An 'Astounding Time' for Planetary Discoveries
By Marc Kaufman
Washington Post Staff Writer
Monday, March 24, 2008

It used to be that planets were familiar places such as Mars and Saturn that orbited our sun and were well known to all schoolchildren.

Since astronomers identified the first planet outside our solar system 13 years ago, however, that idea has become downright quaint. Because now, according to the Extrasolar Planets Encyclopedia, there are 277 confirmed "extrasolar" planets, and quite a few more on the list of those suspected but not yet confirmed.

This explosion in planetary discoveries is taking place at such warp speed that even those most intimately involved are often amazed -- especially because their ultimate goal is nothing less than finding life elsewhere in the universe.

"This is an absolutely astounding time for this field," said Mark Swain of NASA's Jet Propulsion Laboratory, who last week reported finding the first "exoplanet" to have organic methane in its atmosphere.

"We're not only finding them rapidly and in great variety, but we're starting to characterize them -- their mass and orbits, the properties of their atmospheres, measurements of day and night, dynamics of their winds," he said after the methane discovery was released last week.

So far, most of the faraway planets are large, super-hot gas giants like Jupiter and Saturn, which are not expected to be able to support life. They are also so far away that humans are unlikely to ever directly observe them. The planet with methane is a very close one -- it would take a spaceship traveling at the speed of light 63 years to get there -- but most others are hundreds or thousands of light-years away.

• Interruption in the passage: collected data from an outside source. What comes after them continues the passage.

(* Let $n\in\mathbb N$, let $\lambda$ be an eigenvalue of $\mathfrak P^{(n)}_3+\mathfrak P^{(n)}_4$, and let $e\in\mathbb R^n$ be a corresponding unit eigenvector. (i) If $\lambda\ne1-\frac1n$, then $\langle e,\mathfrak P^{(n)}_1e\rangle=\langle e,\mathfrak P^{(n)}_2e\rangle=1-\frac1{2n}-\frac\lambda2$. (ii) If $\lambda=1-\frac1n$, then $\langle e,\mathfrak P^{(n)}_1e\rangle=0$ and $\langle e,\mathfrak P^{(n)}_2e\rangle=1$ when $n$ is even, while $\langle e,\mathfrak P^{(n)}_1e\rangle=1$ and $\langle e,\mathfrak P^{(n)}_2e\rangle=0$ when $n$ is odd.
   Context: For $n\in\mathbb N$, $\mathfrak P^{(n)}_1,\dots,\mathfrak P^{(n)}_4\in M_n(\mathbb R)$ denote orthogonal projections (real symmetric idempotent matrices) such that (i) $\mathfrak P^{(n)}_1+\dots+\mathfrak P^{(n)}_4=(2-\frac1n)I_n$; (ii) $\operatorname{rk}\mathfrak P^{(n)}_1=\lfloor\frac n2\rfloor-(-1)^n$ and $\operatorname{rk}\mathfrak P^{(n)}_i=\lfloor\frac n2\rfloor$ for $i=2,3,4$; (iii) the only subspaces of $\mathbb C^n$ invariant under all four matrices are $0$ and $\mathbb C^n$. Such quadruples exist for every $n$, and any two of them are simultaneously unitarily equivalent; moreover, any quadruple of orthogonal projections on a Hilbert space summing to $(2-\frac1n)I$ with no nontrivial common invariant closed subspace is unitarily equivalent to one of the four cyclic shifts $(\mathfrak P^{(n)}_{\sigma(1)},\dots,\mathfrak P^{(n)}_{\sigma(4)})$, $\sigma$ a power of the cycle $(1\,2\,3\,4)$, and these four are pairwise inequivalent. *)

From HB Require Import structures.
From mathcomp Require Import all_boot all_order all_algebra.
From mathcomp Require Import reals.
From mathcomp Require Export complex.
Set Implicit Arguments. Unset Strict Implicit. Unset Printing Implicit Defensive.
Import Order.TTheory GRing.Theory Num.Theory.
Local Open Scope ring_scope.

But with astronomers regularly finding ingenious ways to locate and examine distant planets -- sometimes with new technologies, sometimes because of inventive new ways of analyzing data -- many in the field say it is just a matter of time before they detect Earth-size, rocky planets elsewhere in the cosmos.

"We've already been able to detect planets with only five or 10 times the mass of the Earth," said Sara Seager, a prominent extrasolar planet researcher and professor at the Massachusetts Institute of Technology. The large gas giants typically are hundreds of times more massive than our planet. "If the technology improves a bit, with another push, we'll find Earths," she said.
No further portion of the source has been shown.